Буйный скальд

   Теперь проследим за развитием событий.

    Хотя сам Скаллагрим обосновался в Исландии раз и навсегда, обоих его сыновей неудержимо влекло на родину предков. Почему — вопрос сложный. Магниты, с помощью которых большая Земля притягивает к себе исландцев, весьма разнообразны, и порой трудно разграничить их влияния.

    Один такой магнит буквально ходит по дому Скаллагрима, прядёт шерсть и готовит еду. Это девушка по имени Асгерд, двоюродная сестра Аринбьёрна. Она тут родилась — но воспринимается как гостья из большого мира. Так уж вышло, что её родители в пору своей бурной молодости укрывались здесь несколько лет, потом вернулись домой в Норвегию, а дочку оставили пока на воспитании у Скаллагрима. Все знают, что она, едва подрастёт, уедет в Норвегию — а там её родня, издавна связанная прочными узами не только с Квельдульвом и Скаллагримом, но и с семьёй самого конунга Харальда. Словом, родичи Асгерд могут оказаться незаменимыми посредниками для примирения двух враждующих родов, помочь потомкам Квельдульва заново обустроиться в Норвегии.
    Так что Асгерд — воистину магнит, притягивающий всякого, кто желает перелететь с планеты Исландии на большую Землю. Вовсе не утверждаю, что оба сына Скаллагрима влюблены в неё именно по этой причине (Асгерд и сама по себе девушка замечательная), но очевидно, что любовная интрига оказалась накрепко переплетена с желанием как Торольва, так и Эгиля перебраться в большой мир — и тут уж не разберёшь, какие побуждения первичны, какие вторичны.
    Поначалу, впрочем, никакой интриги вроде не просматривается: очевидно, что жених — именно Торольв. Он намного старше брата, уже провёл несколько лет в Норвегии (куда уехал с родителями Асгерд) и даже подружился с сыном Харальда Эйриком, так что более-менее зацепился за большой мир. И вот заехал в родительский дом — но ненадолго, поскольку собирается отвезти Асгерд к её отцу и там попросить её руки.

    И всё будто бы пошло, как задумано. Возвратившись в Норвегию, Торольв действительно женился на Асгерд — и намерен жить спокойно; похоже, он закрепился в большом мире, а вражда его предков с конунгами погружается в Лету.
    Напрасные упования.

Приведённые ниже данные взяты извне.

Lemma two_letters (T : finType) (x : T) : #|T| <= 2 -> exists y, forall z, z = x \/ z = y.
Proof.
move=> card_T; case: (pickP (predC1 x)) => [y /= yx|only_x]; last first.
  by exists x => z; left; move: (only_x z) => /= /negbFE /eqP.
exists y => z; case: (eqVneq z x) => [|zx]; [left|right] => //.
apply/eqP; apply: contraTT card_T => zy; rewrite -ltnNge; apply/card_gt2P.
by exists x, y, z; rewrite (eq_sym x) yx (eq_sym y) zy zx.
Qed.

Lemma third_letter (T : finType) (a b : T) : 2 < #|T| -> exists c, c != a /\ c != b.
Proof.
move=> card_T; have /existsP [c /andP [ca cb]] : [exists c, (c != a) && (c != b)].
  apply: contraTT card_T => /existsPn others; rewrite -leqNgt -cardsT.
  apply: leq_trans (subset_leq_card (_ : [set: T] \subset [set a; b])) _.
    by apply/subsetP => c _; move: (others c); rewrite !inE negb_and !negbK orbC.
  by rewrite cards2; case: (a != b).
by exists c.
Qed.

Lemma card_leq_injective (A B : finType) : #|A| <= #|B| -> exists g : A -> B, injective g.
Proof.
move=> le_AB; exists (fun x => enum_val (widen_ord le_AB (enum_rank x))).
by move=> x y /enum_val_inj /(congr1 val) /= /val_inj /enum_rank_inj.
Qed.

Lemma overlap_free_pseudo_cube_free (T : eqType) theta (f : nat -> T) (P : pred T) :
    antimorphic_involution theta -> overlap_free f -> (forall n, P (f n)) ->
    (forall v, all P v -> all P (theta v) -> theta v = v) ->
  pseudo_cube_free_inf theta f.
Proof.
move=> theta_inv ovf f_P fixed i n /(pseudo_cubeP (size_theta theta_inv)).
case=> u0 [u1 [u2 [E u00 rel01 rel12]]].
have : all P (factor f i n) by apply/allP => _ /mapP [k _ ->].
rewrite E !all_cat => /and3P [P0 P1 P2].
have E01 : u0 = u1 by case: rel01 => // E'; rewrite E' fixed // -E'.
have E12 : u1 = u2 by case: rel12 => // E'; rewrite E' fixed // -E'.
subst u1 u2; apply: (ovf i (size u0) u00); exact: factor_cube E.
Qed.

Lemma square_free_pseudo_cube_free (T : eqType) theta (f : nat -> T) :
  (forall s, theta s = rev s) -> square_free f -> pseudo_cube_free_inf theta f.
Proof.
move=> theta_rev sqf i n.
have size_theta s : size (theta s) = size s by rewrite theta_rev size_rev.
case/(pseudo_cubeP size_theta) => u0 [u1 [u2 [E u00 + _]]].
rewrite theta_rev => -[E01|/(canLR revK) E10].
  by subst u1; exact: sqf u00 (factor_square E).
have [Eu0 Erest] := factor_catE E.
apply: (square_free_neq (i := i + (size u0).-1) sqf).
have lt_last : (size u0).-1 < size u0 by lia.
have lt_first : 0 < size (u1 ++ u2) by rewrite size_cat -E10 size_rev; lia.
rewrite (_ : (i + (size u0).-1).+1 = i + size u0 + 0); last lia.
rewrite -(nth_factor (f 0) f (i + size u0) lt_first) -Erest.
rewrite -(nth_factor (f 0) f i lt_last) -Eu0.
by rewrite nth_cat -E10 size_rev u00 nth_rev // subn1.
Qed.

Lemma binary_not_pseudo_cube_free (T : finType) theta (f : nat -> T) :
  #|T| <= 2 -> antimorphic_involution theta -> ~ pseudo_cube_free_inf theta f.
Proof.
move=> card_T theta_inv free; set x := f 0; have [y xy] := two_letters x card_T.
have thK := theta_letterK theta_inv.
case: (eqVneq (theta_letter theta x) x) => [fixed_x|moved_x]; last first.
  have x_y : theta_letter theta x = y.
    by case: (xy (theta_letter theta x)) => // E; rewrite E eqxx in moved_x.
  apply: (free 0 3); apply: pseudo_cube_letters; rewrite ?size_mkseq // => u v.
  case: (xy u) (xy v) => -> [] ->; [left | right | right | left] => //.
  by rewrite -x_y thK.
have fixed z : theta_letter theta z = z.
  case: (xy z) => -> //; case: (xy (theta_letter theta y)) => // E.
  by rewrite E -fixed_x -E thK.
pose h n := f n == x; pose g (b : bool) := if b then x else y.
have fgh n : f n = g (h n).
  by rewrite /g /h; case: eqP => // nx; case: (xy (f n)).
have [i [k [le_ik rev_cube]]] := binary_word_rev_cube (size_mkseq h 10).
apply: (free i k); apply: (rev_cubeb_pseudo_cube (theta_rev theta_inv fixed)).
have -> : factor f i k = map g (factor h i k).
  by rewrite -factor_comp; apply: eq_mkseq => j; apply: fgh.
apply: rev_cubeb_map; move: rev_cube.
by rewrite (_ : mkseq h 10 = factor h 0 10) // drop_factor take_factor //; lia.
Qed.

Lemma ternary_pseudo_cube_free (T : finType) theta : 2 < #|T| ->
  antimorphic_involution theta -> exists f : nat -> T, pseudo_cube_free_inf theta f.
Proof.
move=> card_T theta_inv.
case: (boolP [exists x, theta_letter theta x != x])
  => [/existsP [a moved_a]|/existsPn fixed].
- have [c [ca c_theta_a]] := third_letter a (theta_letter theta a) card_T.
  pose g (b : bool) := if b then a else c.
  have g_inj : injective g.
    by case=> [] [] //= E; move: ca; rewrite E eqxx.
  exists (g \o thue_morse).
  apply: (overlap_free_pseudo_cube_free (P := mem [:: a; c])) => //.
  + exact: overlap_free_comp g_inj thue_morse_overlap_free.
  + by move=> n; rewrite /= /g; case: thue_morse; rewrite !inE eqxx ?orbT.
  + exact: theta_fixed_two_letters.
- have theta_rev := theta_rev theta_inv (fun x => eqP (negbNE (fixed x))).
  have [g g_inj] : exists g : option bool -> T, injective g.
    by apply: card_leq_injective; rewrite card_option card_bool.
  exists (g \o thue_morse_change); apply: square_free_pseudo_cube_free theta_rev _.
  exact: square_free_comp g_inj thue_morse_change_square_free.
Qed.

Theorem mainTheorem2 (m : nat) (Sigma : finType) :
  1 <= m -> #|Sigma| = m ->
  (m <= 2 ->
     forall theta : seq Sigma -> seq Sigma, antimorphic_involution theta ->
       ~ exists f : nat -> Sigma, pseudo_cube_free_inf theta f) /\
  (3 <= m ->
     forall theta : seq Sigma -> seq Sigma, antimorphic_involution theta ->
       exists f : nat -> Sigma, pseudo_cube_free_inf theta f).
Proof.
move=> _ <-; split=> [card_T theta theta_inv [f free] | card_T theta theta_inv].
- exact: binary_not_pseudo_cube_free card_T theta_inv free.
- exact: ternary_pseudo_cube_free.
Qed.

Эта вендетта уходит корнями в метафизический мир, в противостояние норманского идеала с уицраором — и не может быть прекращена без их примирения, а оно невозможно. Тем более что появился человек, способный разжечь ту вражду с новой силой.
    Имеется в виду Эгиль, также прибывший с Торольвом. Он навязался  брату в спутники самым бесцеремонным образом, устроив диверсию, чуть не погубившую корабль Торольва. Это своего рода прелюдия — младший сын Скаллагрима отплывает в большой мир с явным настроем на деяния, по сравнению с которыми тот фокус с кораблём — детская шалость.

    На бракосочетание брата Эгиль не поехал (как бы заболел), остался в усадьбе Торира, отца Аринбьёрна. Но, пока шла свадьба, выздоровел, тоже отлучился из дому, волей случая угодил на пир, где присутствовали Эйрик и Гуннхильд, — и, само собой, не преминул обменяться первыми ударами с уицраором.
    Один из приближённых конунга проявил бестактность, которая наверняка сошла бы ему с рук, не окажись там такой отчаянный человек, как Эгиль, у которого к тому же руки чешутся как-нибудь себя проявить. Юный скальд начал с декламации тут же сочинённых язвительных стихов в адрес того обидчика, а закончил тем, что проткнул его мечом. От погони он виртуозно ушёл, при этом убив троих преследователей, и добрался до усадьбы Торира, где уже находился и вернувшийся со свадьбы Торольв.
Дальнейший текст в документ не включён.